PROVIDED RECORDS
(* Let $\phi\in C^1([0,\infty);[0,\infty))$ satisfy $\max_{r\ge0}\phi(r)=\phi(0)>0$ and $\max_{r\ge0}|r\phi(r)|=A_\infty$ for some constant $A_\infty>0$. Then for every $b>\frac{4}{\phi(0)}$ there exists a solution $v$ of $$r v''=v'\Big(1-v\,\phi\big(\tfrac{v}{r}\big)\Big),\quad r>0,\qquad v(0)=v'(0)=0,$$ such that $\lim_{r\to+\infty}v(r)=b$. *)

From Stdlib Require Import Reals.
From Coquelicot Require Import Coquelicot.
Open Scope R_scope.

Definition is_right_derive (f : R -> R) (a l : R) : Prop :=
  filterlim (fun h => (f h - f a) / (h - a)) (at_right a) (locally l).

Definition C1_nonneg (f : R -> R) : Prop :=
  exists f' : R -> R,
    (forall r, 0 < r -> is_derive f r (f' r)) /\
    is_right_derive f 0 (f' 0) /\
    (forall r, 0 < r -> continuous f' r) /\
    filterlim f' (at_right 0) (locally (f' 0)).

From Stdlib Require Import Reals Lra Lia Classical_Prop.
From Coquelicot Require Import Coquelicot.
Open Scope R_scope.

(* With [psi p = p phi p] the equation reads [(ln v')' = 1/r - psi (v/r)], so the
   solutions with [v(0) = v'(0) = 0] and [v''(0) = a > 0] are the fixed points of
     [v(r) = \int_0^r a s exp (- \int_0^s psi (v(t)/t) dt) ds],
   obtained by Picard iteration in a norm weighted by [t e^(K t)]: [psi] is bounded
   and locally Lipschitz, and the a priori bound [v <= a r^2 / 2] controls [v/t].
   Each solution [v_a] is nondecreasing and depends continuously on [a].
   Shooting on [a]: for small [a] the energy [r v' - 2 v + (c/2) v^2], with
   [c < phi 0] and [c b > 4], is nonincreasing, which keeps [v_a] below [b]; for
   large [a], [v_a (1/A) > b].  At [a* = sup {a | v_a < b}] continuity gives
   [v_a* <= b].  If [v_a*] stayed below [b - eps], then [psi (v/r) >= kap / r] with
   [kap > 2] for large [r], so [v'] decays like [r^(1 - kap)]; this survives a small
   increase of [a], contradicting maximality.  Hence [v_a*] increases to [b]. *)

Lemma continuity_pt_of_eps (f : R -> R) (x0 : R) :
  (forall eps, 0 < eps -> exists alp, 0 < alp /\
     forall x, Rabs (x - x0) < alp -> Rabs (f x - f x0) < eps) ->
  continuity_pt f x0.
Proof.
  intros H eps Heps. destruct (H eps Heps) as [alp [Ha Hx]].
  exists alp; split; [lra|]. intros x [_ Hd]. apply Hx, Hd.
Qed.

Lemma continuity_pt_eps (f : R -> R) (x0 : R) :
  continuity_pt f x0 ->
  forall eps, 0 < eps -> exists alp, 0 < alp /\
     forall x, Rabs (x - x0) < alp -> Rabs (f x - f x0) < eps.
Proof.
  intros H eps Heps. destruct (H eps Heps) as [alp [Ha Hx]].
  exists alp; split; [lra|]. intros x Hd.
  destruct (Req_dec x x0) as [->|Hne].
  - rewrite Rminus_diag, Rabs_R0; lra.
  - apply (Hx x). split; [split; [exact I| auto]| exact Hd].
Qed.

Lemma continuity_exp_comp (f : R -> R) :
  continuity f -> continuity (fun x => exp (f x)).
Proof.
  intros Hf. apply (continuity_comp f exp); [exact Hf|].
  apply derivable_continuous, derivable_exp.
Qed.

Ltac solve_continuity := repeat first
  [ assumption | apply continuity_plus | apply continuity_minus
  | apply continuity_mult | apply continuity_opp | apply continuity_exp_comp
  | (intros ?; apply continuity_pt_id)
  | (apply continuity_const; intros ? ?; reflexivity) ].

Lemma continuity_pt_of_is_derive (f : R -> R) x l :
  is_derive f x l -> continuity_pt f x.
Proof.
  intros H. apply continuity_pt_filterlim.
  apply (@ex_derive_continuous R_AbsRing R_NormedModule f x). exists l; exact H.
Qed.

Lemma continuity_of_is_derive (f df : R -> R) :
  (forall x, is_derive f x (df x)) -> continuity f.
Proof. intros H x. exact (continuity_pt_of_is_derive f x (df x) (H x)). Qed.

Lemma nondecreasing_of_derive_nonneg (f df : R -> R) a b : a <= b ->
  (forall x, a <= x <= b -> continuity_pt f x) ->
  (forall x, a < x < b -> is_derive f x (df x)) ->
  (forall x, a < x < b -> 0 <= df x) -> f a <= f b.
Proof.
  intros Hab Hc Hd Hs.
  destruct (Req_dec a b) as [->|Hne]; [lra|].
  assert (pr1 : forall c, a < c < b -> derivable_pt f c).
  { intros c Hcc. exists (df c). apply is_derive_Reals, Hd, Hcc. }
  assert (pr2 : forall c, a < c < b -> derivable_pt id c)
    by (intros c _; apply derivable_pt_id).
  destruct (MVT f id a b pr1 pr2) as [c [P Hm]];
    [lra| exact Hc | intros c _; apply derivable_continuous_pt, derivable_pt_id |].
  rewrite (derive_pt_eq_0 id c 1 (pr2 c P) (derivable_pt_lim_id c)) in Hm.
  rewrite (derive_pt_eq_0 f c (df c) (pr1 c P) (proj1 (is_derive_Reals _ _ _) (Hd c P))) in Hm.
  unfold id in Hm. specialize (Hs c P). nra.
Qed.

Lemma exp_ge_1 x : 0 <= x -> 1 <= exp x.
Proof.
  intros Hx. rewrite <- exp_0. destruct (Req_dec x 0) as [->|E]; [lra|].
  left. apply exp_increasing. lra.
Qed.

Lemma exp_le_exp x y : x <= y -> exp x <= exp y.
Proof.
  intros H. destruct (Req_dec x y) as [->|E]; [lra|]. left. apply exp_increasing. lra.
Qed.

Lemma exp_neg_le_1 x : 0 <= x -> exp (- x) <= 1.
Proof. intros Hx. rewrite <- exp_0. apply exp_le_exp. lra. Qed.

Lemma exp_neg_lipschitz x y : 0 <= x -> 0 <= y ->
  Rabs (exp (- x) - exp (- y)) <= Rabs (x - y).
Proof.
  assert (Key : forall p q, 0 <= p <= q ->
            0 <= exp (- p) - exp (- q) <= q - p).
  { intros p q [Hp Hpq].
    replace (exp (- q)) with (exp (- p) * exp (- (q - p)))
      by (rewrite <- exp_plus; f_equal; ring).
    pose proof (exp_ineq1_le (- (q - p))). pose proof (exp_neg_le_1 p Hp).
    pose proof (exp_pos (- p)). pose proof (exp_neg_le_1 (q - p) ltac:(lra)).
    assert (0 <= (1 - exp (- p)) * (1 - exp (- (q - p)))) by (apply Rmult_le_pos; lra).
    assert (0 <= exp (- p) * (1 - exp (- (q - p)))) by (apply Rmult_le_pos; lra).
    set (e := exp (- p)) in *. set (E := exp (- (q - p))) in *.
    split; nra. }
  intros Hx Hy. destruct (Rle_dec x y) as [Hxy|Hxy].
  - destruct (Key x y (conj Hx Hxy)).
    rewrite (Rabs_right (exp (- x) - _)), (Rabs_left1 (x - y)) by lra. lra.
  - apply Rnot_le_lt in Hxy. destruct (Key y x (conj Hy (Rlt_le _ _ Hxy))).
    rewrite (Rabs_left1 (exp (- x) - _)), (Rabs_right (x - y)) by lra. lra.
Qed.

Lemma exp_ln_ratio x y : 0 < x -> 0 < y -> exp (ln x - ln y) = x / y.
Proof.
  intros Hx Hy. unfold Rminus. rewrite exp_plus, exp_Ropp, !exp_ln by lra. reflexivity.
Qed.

PROBLEM DESCRIPTION
Look over the listing above. Pick out and copy every line that includes "Lemma".

RESULT OF THE EXERCISE
Lemma continuity_pt_of_eps (f : R -> R) (x0 : R) :
Lemma continuity_pt_eps (f : R -> R) (x0 : R) :
Lemma continuity_exp_comp (f : R -> R) :
Lemma continuity_pt_of_is_derive (f : R -> R) x l :
Lemma continuity_of_is_derive (f df : R -> R) :
Lemma nondecreasing_of_derive_nonneg (f df : R -> R) a b : a <= b ->
Lemma exp_ge_1 x : 0 <= x -> 1 <= exp x.
Lemma exp_le_exp x y : x <= y -> exp x <= exp y.
Lemma exp_neg_le_1 x : 0 <= x -> exp (- x) <= 1.
Lemma exp_neg_lipschitz x y : 0 <= x -> 0 <= y ->
Lemma exp_ln_ratio x y : 0 < x -> 0 < y -> exp (ln x - ln y) = x / y.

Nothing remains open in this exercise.